Meet Dr. Linda See of the The Geo-Wiki Project -  a tool for improving the current information that we have about global land cover. Although the physical surface is mapped regularly by remote sensing, this information is currently not correct in many places. By using Geo-Wiki to examine satellite imagery and helping us to identify the correct land cover types, we can vastly improve our current maps. These maps are really important for monitoring deforestation, assessing food security and modeling future land cover. Our latest game, called Cropland Capture, invites players to identify cropland areas from satellite imagery and compete for prizes. Come try it out and help us to improve our knowledge of where current crops are grown globally.
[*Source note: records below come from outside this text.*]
Lemma br_upd_span_min (i : 'I_n) (f : 'I_n -> V) (G T : V -> Prop) :
  subspace_pred T -> (forall v, G v -> T (br (upd f i v))) ->
  forall v, span G v -> T (br (upd f i v)).
Proof.
case=> T0 TD TZ GT v; elim=> //.
- by rewrite br_upd0.
- by move=> u w _ Tu _ Tw; rewrite br_updD; auto.
- by move=> a w _ Tw; rewrite -[a *: w]addr0 br_multilinear br_upd0 addr0; auto.
Qed.

Lemma br_apow_first k (i0 : 'I_n) (f : 'I_n -> V) : (i0 : nat) = 0%N ->
  apow mul k (f i0) -> apow mul k (br f).
Proof.
move=> i0E; elim: k f => [//|k IH] f; rewrite -{2}(upd_id f i0); move: (f i0) => v.
apply: br_upd_span_min; first exact: apow_subspace.
move=> _ [a [b [Pb ->]]]; rewrite i0E br_leibniz.
apply: subspaceD (apow_subspace _ _) _ _ _ _; last exact: apow_mulr.
by apply/apow_mull/IH; rewrite /upd i0E.
Qed.

(* Skew-symmetry moves any slot to the first one, where the Leibniz rule applies. *)
Lemma br_apow k (i : 'I_n) (f : 'I_n -> V) : apow mul k (f i) -> apow mul k (br f).
Proof.
move=> Pfi; pose i0 : 'I_n := Ordinal (leq_ltn_trans (leq0n i) (ltn_ord i)).
pose s := tperm i0 i.
have -> : br f = (-1) ^+ odd_perm s *: br (fun k => f (s k)).
  by rewrite -br_skew; congr br; apply: functional_extensionality => j; rewrite tpermK.
apply: subspaceZ (apow_subspace _ _) _ _ _.
by apply: (@br_apow_first _ i0) => //; rewrite /s tpermL.
Qed.

Section TwoSlots.
Hypothesis n_ge2 : (2 <= n)%N.
Let i0 : 'I_n := Ordinal (ltnW n_ge2).
Let i1 : 'I_n := Ordinal n_ge2.

Lemma br_apowS k (f : 'I_n -> V) :
  apow mul 1 (f i0) -> apow mul k (f i1) -> apow mul k.+1 (br f).
Proof.
move=> P0 P1; rewrite -(upd_id f i0); move: (f i0) P0 => v.
apply: br_upd_span_min; first exact: apow_subspace.
move=> _ [a [b [_ ->]]]; rewrite br_leibniz.
by apply: subspaceD (apow_subspace _ _) _ _ _ _; apply/apow_mull/(br_apow (i:=i1)).
Qed.

Lemma derived_P_sub_L_apow1 k v :
  derived_P mul br k v -> sum_sub (derived_L br k) (apow mul 1) v.
Proof.
elim: k v => [|k IH] v.
  by move=> _; apply: sum_subl; first exact: apow_subspace.
have T_sub : subspace_pred (sum_sub (br_sub br (derived_L br k)) (apow mul 1)).
  exact: sum_sub_subspace (span_subspace _) (apow_subspace _ 1).
move=> [a [b [Pa /mul_sub_apow1 Pb ->]]].
apply: (subspaceD T_sub); last exact: sum_subr (span_subspace _) Pb.
move: a Pa; apply: (span_min T_sub) => _ [f [P0 P1 ->]].
have [l0 [p0 [L0 A0 E0]]] := IH _ (P0 i0 erefl).
have [l1 [p1 [L1 A1 E1]]] := IH _ (P1 i1 erefl).
pose g := upd f i0 l0.
rewrite (br_upd_split E0) -/g (@br_upd_split i1 g l1 p1 E1).
apply: (subspaceD T_sub); first apply: (subspaceD T_sub).
- apply: sum_subl; first exact: apow_subspace.
  by apply: span_gen; exists (upd g i1 l1); split=> // j; rewrite /g /upd => ->.
- by apply: sum_subr; [exact: span_subspace | apply: (br_apow (i:=i1)); rewrite /upd].
- by apply: sum_subr; [exact: span_subspace | apply: (br_apow (i:=i0)); rewrite /upd].
Qed.

Lemma derived_P_apowS m (X : V -> Prop) : (forall v, X v -> apow mul m.+1 v) ->
  forall v, sum_sub (br_sub br X) (mul_sub mul X) v -> apow mul m.+2 v.
Proof.
move=> XP _ [a [b [Pa Pb ->]]]; apply: subspaceD (apow_subspace _ _) _ _ _ _.
- move: a Pa; apply: (span_min (apow_subspace _ _)) => _ [f [P0 P1 ->]].
  apply: br_apowS; [exact: apowS_apow1 (XP _ (P0 i0 erefl)) | exact: XP _ (P1 i1 erefl)].
- move: b Pb; apply: (span_min (apow_subspace _ _)) => _ [x [y [_ Py ->]]].
  exact: apow_mull (XP _ Py).
Qed.

Lemma nlie_nilpotent_poisson_solvable :
  nlie_solvable br /\ assoc_nilpotent mul -> poisson_solvable mul br.
Proof.
move=> [[s L0] [N A0]].
have apowN0 v : apow mul N v -> v = 0.
  move/(apow_span_foldl mul_comm_assoc); apply: span_eq0.
  by move=> _ [x [xs [/A0 ? ->]]].
have derived_apow j v : derived_P mul br (s + j) v -> apow mul j.+1 v.
  elim: j v => [|j IH] v; last by rewrite addnS; apply: derived_P_apowS.
  by rewrite addn0 => /derived_P_sub_L_apow1 [l [p [/L0 -> Pp ->]]]; rewrite add0r.
exists (s + N)%N => v /derived_apow; apply: span_eq0 => _ [a [b [/apowN0 -> ->]]].
by rewrite (mulC mul_comm_assoc) (mul0l mul_comm_assoc).
Qed.

End TwoSlots.

Lemma poisson_solvable_nlie_nilpotent :
  poisson_solvable mul br -> nlie_solvable br /\ assoc_nilpotent mul.
Proof.
move=> [s P0]; split; first by exists s => v /derived_L_sub_P /P0.
exists (2 ^ s).-1 => x xs size_xs; apply: P0; apply: (apow_derived_P mul_comm_assoc).
rewrite -size_xs; exact: apow_foldl.
Qed.

End BracketIdeals.

Theorem corollary5p10 (F : closedFieldType) (charF0 : [pchar F] =i pred0)
  (V : vectType F) (n : nat) (hn : (2 <= n)%N)
  (mul : V -> V -> V) (br : ('I_n -> V) -> V)
  (hP : is_poisson_nlie mul br) :
  poisson_solvable mul br <-> nlie_solvable br /\ assoc_nilpotent mul.
Proof.
case: hP => mul_comm_assoc br_multilinear br_skew _ br_leibniz.
split; first exact: poisson_solvable_nlie_nilpotent.
by apply: nlie_nilpotent_poisson_solvable.
Qed.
Meet Aidan Green from the Met Office WOW Project.  The Weather Observations Website was launched in June 2011 by the Met Office, with support from the Royal Meteorological Society and the Department for Education, for weather observers across the UK – which could include weather reports from you. The purpose of the website is to provide a platform for the sharing of current weather observations from all around the globe, regardless of where they come from, what level of detail or the frequency of reports. WOW has been set up in partnership with the Royal Meteorological Society, the  Department for Education and the Public Weather Service to help coordinate the growth of the amateur observing community in the UK.